During the HealthKit introduction at WWDC2014, Apple’s software chief Craig Federighi noted that The Mayo Clinic is working with Apple on a patient monitoring tool that ties into Health, so that when a patient takes a blood pressure measurement the data can be saved and checked against previous personal results. If a reading is abnormal, the data can be automatically sent to the patient’s doctor for quick and seamless response.
Apple’s discussions with the U.S. Food and Drug Administration indicated that Apple executives feel that mobile devices can do more to help people learn about themselves, and that they feel there “may be a moral obligation to do more.”
Filings revealed by the agency stated that “Apple will work closely with the FDA as they develop future products,” and that the company believes that “the earlier FDA is involved and advising, the less likely that Apple would be caught by surprise later when they wish to release a new product, if that product must be regulated.”
That supports the idea that Apple is working to broaden the scope of iOS 8 Health to include more sophisticated EMR features for patient data. Along those lines, Joh described a situation where there is a hypothetical “lung cancer patient in New York who wants to move to Michigan to be closer with her extended family,” who “now has significantly more peace of mind, knowing that her health data can easily move with her.
“She doesn’t have to drudge through the paperwork to release her own medical records from her prior hospital system. She doesn’t have to make a separate trip to the radiology department to have them burn her a CD/DVD of all of her imaging. She doesn’t have to burden her new oncologist with the task of sifting through hundreds of sheets of results by hand, as she can release them into the new EMR with a single tap of a finger. She doesn’t have to worry about whether the images on the disc will be compatible with her new radiologist’s system, as the cloud automatically adjusts the data format to match.”
In a second situation, Joh described a trauma patient “who arrives in a lower-acuity ER after a motor vehicle accident and is found to have a severe unstable ankle fracture on imaging.” With that Xray data uploaded to the cloud as part of the patient’s HealthKit medical record, he “can now be more easily transferred to a higher-level hospital with orthopedic surgery on call.”
As a result: “no drudging through paperwork. No waiting to process a CD/DVD. Less hassle. More clinical care.”
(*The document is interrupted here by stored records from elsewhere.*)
(* The adapted basis, built from the coefficients o i j = omega(e_i, e_j)
   under the standing assumption w_centre = omega(e3, f3) <> 0. *)
Section AdaptedBasis.
Variable om : form.
Definition o (i j : nat) : R := om [i;j].
Definition w_centre := o 2 5.
(* e_a' = e_a + s_a e3 + t_a f3 (a = 1,2) is omega-orthogonal to the centre *)
Definition s1 := - o 0 5 / w_centre.
Definition t1 := o 0 2 / w_centre.
Definition s2 := - o 1 5 / w_centre.
Definition t2 := o 1 2 / w_centre.
(* f_b + al_b e3 + be_b f3 (b = 1,2) is omega-orthogonal to the centre *)
Definition al3 := - o 3 5 / w_centre.
Definition be3 := - o 2 3 / w_centre.
Definition al4 := - o 4 5 / w_centre.
Definition be4 := - o 2 4 / w_centre.
(* Gram matrix M_ab = omega(e_a', f_b) *)
Definition M00 := o 0 3 + s1 * o 2 3 - t1 * o 3 5.
Definition M01 := o 0 4 + s1 * o 2 4 - t1 * o 4 5.
Definition M10 := o 1 3 + s2 * o 2 3 - t2 * o 3 5.
Definition M11 := o 1 4 + s2 * o 2 4 - t2 * o 4 5.
Definition gram_det := M00 * M11 - M01 * M10.
(* gram_det times w_centre^2, a polynomial in the coefficients of omega *)
Definition N00 := o 0 3 * w_centre - o 0 5 * o 2 3 - o 0 2 * o 3 5.
Definition N01 := o 0 4 * w_centre - o 0 5 * o 2 4 - o 0 2 * o 4 5.
Definition N10 := o 1 3 * w_centre - o 1 5 * o 2 3 - o 1 2 * o 3 5.
Definition N11 := o 1 4 * w_centre - o 1 5 * o 2 4 - o 1 2 * o 4 5.
Definition gram_num := N00 * N11 - N01 * N10.
(* B = adj(M) / w_centre recombines f1, f2; f3 is rescaled by det B *)
Definition B33 := M11 / w_centre.
Definition B34 := - M01 / w_centre.
Definition B43 := - M10 / w_centre.
Definition B44 := M00 / w_centre.
Definition detB := B33 * B44 - B34 * B43.
Definition u3 := B33 * al3 + B43 * al4.
Definition v3 := B33 * be3 + B43 * be4.
Definition u4 := B34 * al3 + B44 * al4.
Definition v4 := B34 * be3 + B44 * be4.
(* inverse of B *)
Definition C33 := B44 / detB.
Definition C34 := - B34 / detB.
Definition C43 := - B43 / detB.
Definition C44 := B33 / detB.
(* the common value omega(e_a', f_a') *)
Definition scale := gram_det / w_centre.

(* new_basis i a = i-th coordinate of the a-th new basis vector *)
Definition new_basis (i a : nat) : R :=
  match a, i with
  | 0,0 => 1 | 0,2 => s1 | 0,5 => t1
  | 1,1 => 1 | 1,2 => s2 | 1,5 => t2
  | 2,2 => 1
  | 3,3 => B33 | 3,4 => B43 | 3,2 => u3 | 3,5 => v3
  | 4,3 => B34 | 4,4 => B44 | 4,2 => u4 | 4,5 => v4
  | 5,5 => detB
  | _,_ => 0 end.

(* new_dual k i = i-th coefficient of the k-th dual one-form *)
Definition new_dual (k i : nat) : R :=
  match k, i with
  | 0,0 => 1
  | 1,1 => 1
  | 2,0 => - s1 | 2,1 => - s2 | 2,2 => 1
  | 2,3 => - (u3 * C33 + u4 * C43) | 2,4 => - (u3 * C34 + u4 * C44)
  | 3,3 => C33 | 3,4 => C34
  | 4,3 => C43 | 4,4 => C44
  | 5,0 => - t1 / detB | 5,1 => - t2 / detB | 5,5 => 1 / detB
  | 5,3 => - (v3 * C33 + v4 * C43) / detB | 5,4 => - (v3 * C34 + v4 * C44) / detB
  | _,_ => 0 end.
End AdaptedBasis.

Ltac unfold_basis := unfold new_dual, new_basis, C33, C34, C43, C44, u3, u4, v3, v4,
  detB, B33, B34, B43, B44, scale, gram_det, M00, M01, M10, M11,
  al3, al4, be3, be4, s1, s2, t1, t2, w_centre, o.

(* Every denominator occurring in the construction is a nonzero multiple of
   w_centre or of gram_num; this closes the side conditions left by [field]. *)
Ltac denominators_nonzero HN :=
  unfold gram_num, N00, N01, N10, N11, w_centre, o in HN;
  repeat split; auto; intro Hc; apply HN; lra.

Lemma gram_num_nonzero om : om [2;5]%nat <> 0 -> gram_det om <> 0 -> gram_num om <> 0.
Proof.
  intros Hw Hd.
  assert (E : gram_det om = gram_num om / (w_centre om * w_centre om))
    by (unfold gram_num, N00, N01, N10, N11; unfold_basis; field; auto).
  intro C. apply Hd. rewrite E, C. unfold Rdiv. ring.
Qed.

Lemma singular2_left_kernel a b c d : a * d - b * c = 0 ->
  exists x y, (x <> 0 \/ y <> 0) /\ x * a + y * c = 0 /\ x * b + y * d = 0.
Proof.
  intros D.
  destruct (Req_dec c 0) as [Hc|Hc]; [destruct (Req_dec a 0) as [Ha|Ha]|].
  - destruct (Req_dec d 0) as [Hd|Hd]; [destruct (Req_dec b 0) as [Hb|Hb]|].
    + exists 1, 0. split; [left; lra|]. subst. split; ring.
    + exists d, (- b). split; [right; lra|]. subst. split; ring.
    + exists d, (- b). split; [left; lra|]. subst. split; ring.
  - exists c, (- a). split; [right; lra|]. split; nra.
  - exists c, (- a). split; [left; lra|]. split; nra.
Qed.

Lemma form_eval2_coords om (x y : vec) :
  form_eval2 om x y = sum6 (fun j => y j * sum6 (fun i => x i * om [i;j])).
Proof. unfold form_eval2, sum6. ring. Qed.

Section NormalForm.
Variable om : form.
Hypothesis Ha : alternating 2 om.
Hypothesis Hw : om [2;5]%nat <> 0.
(* the two relations of [closed_omega2_relations], solved for omega(e1,e2)
   and omega(f1,f2) *)
Hypothesis E01 : om [0;1]%nat =
  (om [0;2]%nat * om [1;5]%nat - om [0;5]%nat * om [1;2]%nat) / om [2;5]%nat.
Hypothesis E34 : om [3;4]%nat =
  (om [2;4]%nat * om [3;5]%nat - om [2;3]%nat * om [4;5]%nat) / om [2;5]%nat.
Joh concluded, “I feel that HealthKit might well be the first step in creating something akin to a universal EMR. If Apple pulls this off with the right partners,” he observed, “they could potentially solve one of the single worst problems in healthcare today: the inability to easily transfer patient records from one care location to another.”
Jon Steuernagle, an ICU doctor commenting on the subject added, “One of the most exciting breakthroughs in modern medicine. Getting your physical data, biometric data into the EMR and into your doctors hands. Just needs to be economically feasible for majority of people.”
Apple’s Health app is somewhat reminiscent of Passbook, the iOS 6 app Apple introduced to manage electronic tickets, boarding passes, coupons and other records. While many critics complained that they thought it wasn’t interesting enough, virtually all online ticketing is now made available for Passbook. Apple’s Passbook implementation was so brilliantly simple and functional that it has been directly adopted by other platforms, notably Microsoft’s Windows Phone.